All New Leash on Life dogs must be adopted to families willing to have their pets be allowed inside-especially at night. No dog is allowed to be put on a “tie out” or chain outside and should be walked on a leash when not in a fenced yard.
Fortune is a beautiful, grey-and-white shorthaired tabby born in June 2016 and weighs a little more than 10 pounds. She came to New Leash on Life with her brother, Lucky, and is now looking for her fur-ever family. Fortune likes to lay down on someone to observe everything that is going on around her. She has such a great personality and is taking no time at all adjust to her new surroundings. Fortune came from a home with multiple cats; some of them did pick on her, so she may be a bit shy meeting new feline friends. She is litter box trained, spayed, micro-chipped and has started her kitten vaccines. Anyone can come meet her and adopt her for $85.
All cats must be indoor only and shall not be declawed.
For anyone not ready to commit to adoption, ask about New Leash on Life’s seven-day sleepover program for dogs and cats. For anyone who already has their limit of four-legged family members should consider becoming a ‘Guardian’ to help homeless pets each month. Visit newleashonline.org and click on programs, then Guardian Guild for more information.
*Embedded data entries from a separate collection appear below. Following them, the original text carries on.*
Lemma msym_iij (i j : nat) (g : S4) : i != j ->
  msym [:: i; i; j] g = jm_coef g i i j + jm_coef g i j i + jm_coef g j i i.
Proof.
move=> hij; rewrite /msym /=; set N := maxn i _.
pose F (s : seq nat) := if head 0%N s == 0%N
  then jm_coef g (nth 0%N s 1) (nth 0%N s 2) (nth 0%N s 3) else 0.
have row_at (a : {ffun 'I_4 -> 'I_N.+1}) m : (m < 4)%N -> val (a (inord m)) = nth 0%N (row a) m.
  by move=> hm; rewrite -[in RHS](@inordK 3 m) // nth_row.
rewrite (eq_bigr (fun a => F (row a))) => [|a _]; last first.
  by rewrite JMmono_head /F !row_at.
rewrite (bigID (fun a => head 0%N (row a) == 0%N)) /= [X in _ + X]big1 ?addr0; last first.
  by move=> a /andP[_ /negbTE head_a]; rewrite /F head_a.
rewrite (eq_bigl (fun a => row a \in [:: [:: 0; i; i; j]; [:: 0; i; j; i]; [:: 0; j; i; i]]%N)).
  rewrite sum_over_rows; last by rewrite /= !leq_max !leqnn !orbT.
    by rewrite !big_cons big_nil /F /= addr0 addrA.
  have hji : (j == i) = false by rewrite eq_sym (negbTE hij).
  by rewrite /= !inE !eqseq_cons !eqxx (negbTE hij) hji.
by move=> a; rewrite -rearrangements_head0 // size_map size_enum_ord.
Qed.

Definition expsum2 {R : comPzRingType} (l : seq (R * (R * R))) (i j : nat) : R :=
  \sum_(t <- l) t.1 * (t.2.1 ^+ i * t.2.2 ^+ j).

Definition iij_terms {R : comPzRingType} (K : seq (R * (R * R * R))) : seq (R * (R * R)) :=
  [seq (t.1, (t.2.1.1 * t.2.1.2, t.2.2)) | t <- K] ++
  [seq (t.1, (t.2.1.1 * t.2.2, t.2.1.2)) | t <- K] ++
  [seq (t.1, (t.2.1.2 * t.2.2, t.2.1.1)) | t <- K].

Lemma expsum3_iij {R : comPzRingType} (K : seq (R * (R * R * R))) (i j : nat) :
  expsum3 K i i j + expsum3 K i j i + expsum3 K j i i = expsum2 (iij_terms K) i j.
Proof.
rewrite /expsum2 !big_cat !big_map -addrA /expsum3.
by congr (_ + (_ + _)); apply: eq_bigr => t _ /=; rewrite !exprMn; ring.
Qed.

Definition weight {R : comPzRingType} (l : seq (R * (R * R))) (b : R * R) : R :=
  \sum_(t <- l) (t.2 == b)%:R * t.1.
Lemma embed_complement_not_holds : ~ holds eta x (1 - embed_mx K g 1).
Proof.
have [o [_ o_unique]] := holds_unique eta_natural x
  (embed_frame (delta_mx_decomposition int 3)).
have h0 : holds eta x (embed_mx K g (delta_mx ord0 ord0)) by rewrite embed_delta_mx.
by move=> hN; have := o_unique (Some ord0) h0; rewrite (o_unique None hN).
Qed.

Lemma ks_frame_holds_unique t : t \in ks_frames ->
  exists! i : 'I_3, holds eta x (embed_mx K g (ks_mx (frame_index t i))).
Proof.
move=> t_frame; have [[i|] [hi i_unique]] :=
  holds_unique eta_natural x (embed_frame (ks_frame_decomposition t_frame)).
  by exists i; split=> // j hj; case: (i_unique (Some j) hj).
by case: (embed_complement_not_holds hi).
Qed.

Definition ks_colour (k : nat) : bool :=
  excluded_middle_informative (holds eta x (embed_mx K g (ks_mx k))).

Lemma ks_colourP k : reflect (holds eta x (embed_mx K g (ks_mx k))) (ks_colour k).
Proof. by rewrite /ks_colour; case: excluded_middle_informative => h; constructor. Qed.

Lemma ks_colour_frame t : t \in ks_frames ->
  (ks_colour t.1.1 + ks_colour t.1.2 + ks_colour t.2 = 1)%N.
Proof.
move=> t_frame; have [i [hi i_unique]] := ks_frame_holds_unique t_frame.
rewrite -(@sum_bool_unique _ (fun i : 'I_3 => ks_colour (frame_index t i))).
  by rewrite !big_ord_recl big_ord0 addn0 addnA.
by exists i; split=> [|j /ks_colourP /i_unique]; first exact/ks_colourP.
Qed.

Lemma kochen_specker : False.
Proof. exact: ks_uncolourable (fun k => leq_b1 (ks_colour k)) ks_colour_frame. Qed.

End KochenSpecker.

Lemma injection_through (m n : nat) (k : 'I_n) (le_mn : (m.+1 <= n)%N) :
  exists2 g : 'I_m.+1 -> 'I_n, injective g & g ord0 = k.
Proof.
exists (tperm (widen_ord le_mn ord0) k \o widen_ord le_mn); last by rewrite /= tpermL.
apply: inj_comp; first exact: perm_inj.
by move=> a b /(congr1 val) /= /val_inj.
Qed.

Theorem theorem1p1 (F : RingPresheaf) (hF : restricts_to_Spec F) (n : nat) (hn : (3 <= n)%N) :
  Fobj F 'M[complex Rdefinitions.R]_n -> False.
Proof.
move=> x; have [eta [_ eta_natural]] := hF.
pose D := Decomposition (delta_mx_decomposition (complex Rdefinitions.R) n).
have [k [Dk _]] := selects_unique eta x D.
have [g g_inj g0] := injection_through k hn.
apply: (kochen_specker eta_natural g_inj).
by rewrite g0; apply/(holds_member eta_natural x D).
Qed.
Theorem lemma2 (n : nat) (phi : L n) :
  (exists (M : model n) (w : W M), finite_model M /\ is_QNGDM M /\ sat M w phi) ->
  exists (M'' : model n) (w'' : W M''), finite_model M'' /\ is_NGDM M'' /\ sat M'' w'' phi.
Proof.
move=> [M [w [[[lw lw_full] fin_supp] [QM sat_w]]]].
have [S S_ok] := supports_of_finite fin_supp.
have S_uniq x : NoDup (S x) := (S_ok x).1.
have S_supp i x : supp_in (D M i x) (S x) := (S_ok x).2 i.
have [B0 B0_bound] := list_bounded max_atom0 (flat_map S lw).
pose B := maxn B0 (max_atom phi).+1.
have S_bound x a : In a (S x) -> max_atom0 a < B.
  by move=> Sa; rewrite leq_max B0_bound //; apply/in_flat_map; exists x.
have phi_bound : max_atom phi < B by rewrite leq_max ltnSn orbT.
have [y [yw _]] := orig_onto lw w lw_full w None.
exists (M' S QM lw w B), y; split; first by apply: M'_finite.
split; first by apply: M'_NGDM.
by apply/(sat_M' S QM lw w B lw_full phi_bound); rewrite yw.
Qed.
(* Write y = T x. As T has rank one and X is smooth, T u = g(u) y where g is
   the support functional at x, and M_T = {x, -x} makes x the only point of
   the unit sphere where g = 1.
   If T = t B + (1 - t) C with B <> T, then S = t (B - T) is nonzero and
   T + S, T - S are contractions. Strict convexity of Y forces S x = 0 and
   smoothness of X forces S to take values in the kernel of the support
   functional at y, so ||(T +- S)(a x + b z)|| <= 1 is the CPP inequality
   with mu = ||S z||.
   Conversely, given a CPP (r, mu), let S u = eps beta(u) w, where beta is
   the coordinate along the kernel of g and w spans the kernel of the support
   functional at y. Near +-x the CPP inequality and convexity give
   ||(T +- S) u|| <= 1; away from +-x, |g| stays below 1 - delta because g
   exposes x, and eps <= delta / 2 then suffices. So T = (T + S)/2 + (T - S)/2
   is not extreme. *)

From HB Require Import structures.
From mathcomp Require Import all_boot all_order all_algebra.
From mathcomp Require Import classical_sets reals.
From mathcomp Require Import ring lra.
Set Implicit Arguments. Unset Strict Implicit. Unset Printing Implicit Defensive.
Import Order.TTheory GRing.Theory Num.Theory.
Local Open Scope ring_scope.
Local Open Scope classical_set_scope.

Section Coordinates.
Variable R : realType.
Notation V := 'rV[R]_2.

Definition c0 (u : V) : R := u ord0 ord0.
Definition c1 (u : V) : R := u ord0 ord_max.

Lemma rowv2P (u w : V) : c0 u = c0 w -> c1 u = c1 w -> u = w.
Proof.
move=> e0 e1; apply/rowP => j.
by have [->|->] : j = ord0 \/ j = ord_max by
  case: j => -[|[|//]] ?; [left|right]; apply: val_inj.
Qed.

Lemma c0D (u w : V) : c0 (u + w) = c0 u + c0 w. Proof. by rewrite /c0 mxE. Qed.
Lemma c1D (u w : V) : c1 (u + w) = c1 u + c1 w. Proof. by rewrite /c1 mxE. Qed.
Lemma c0Z a (u : V) : c0 (a *: u) = a * c0 u. Proof. by rewrite /c0 mxE. Qed.
Lemma c1Z a (u : V) : c1 (a *: u) = a * c1 u. Proof. by rewrite /c1 mxE. Qed.
Lemma c0N (u : V) : c0 (- u) = - c0 u. Proof. by rewrite /c0 mxE. Qed.
Lemma c1N (u : V) : c1 (- u) = - c1 u. Proof. by rewrite /c1 mxE. Qed.
Lemma c00 : c0 (0 : V) = 0. Proof. by rewrite /c0 mxE. Qed.
Lemma c10 : c1 (0 : V) = 0. Proof. by rewrite /c1 mxE. Qed.
Definition cE := (c0D, c1D, c0Z, c1Z, c0N, c1N, c00, c10).

Definition det2 (u w : V) : R := c0 u * c1 w - c1 u * c0 w.

Lemma det2Dl (u v w : V) : det2 (u + v) w = det2 u w + det2 v w.
Proof. by rewrite /det2 !cE; ring. Qed.
Lemma det2Zl a (u w : V) : det2 (a *: u) w = a * det2 u w.
Proof. by rewrite /det2 !cE; ring. Qed.
Lemma det2Dr (u v w : V) : det2 u (v + w) = det2 u v + det2 u w.
Proof. by rewrite /det2 !cE; ring. Qed.
Lemma det2Zr a (u w : V) : det2 u (a *: w) = a * det2 u w.
Proof. by rewrite /det2 !cE; ring. Qed.
Lemma det2xx (u : V) : det2 u u = 0.
Proof. by rewrite /det2 mulrC subrr. Qed.

(* Cramer's rule in the basis (u, w). *)
Lemma det2_decomp (u w v : V) : det2 u w != 0 ->
  v = (det2 v w / det2 u w) *: u + (det2 u v / det2 u w) *: w.
Proof. by move=> uw; apply: rowv2P; rewrite !cE /det2; field. Qed.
Bella, Fortune and many other wonderful dogs and cats are available for adoption at New Leash on Life’s Adoption Center at 507 W. Baddour Pkwy. in Lebanon. The center is open for adoptions Tuesday through Friday from noon until 5 p.m. and Saturdays from 11 a.m. until 6 p.m. It is closed on Sundays and Mondays. Also visit the Luv-A-Pet Center at the Mt. Juliet PetSmart during regular store hours to meet more of New Leash’s wonderful kitties available for adoption. Dogs are also available for adoption each Sunday from 1-4 p.m. at the PetSmart in Mt. Juliet at Providence Marketplace. For more information, call 615-444-1144, look for New Leash on Life on Facebook and visit newleashonline.org.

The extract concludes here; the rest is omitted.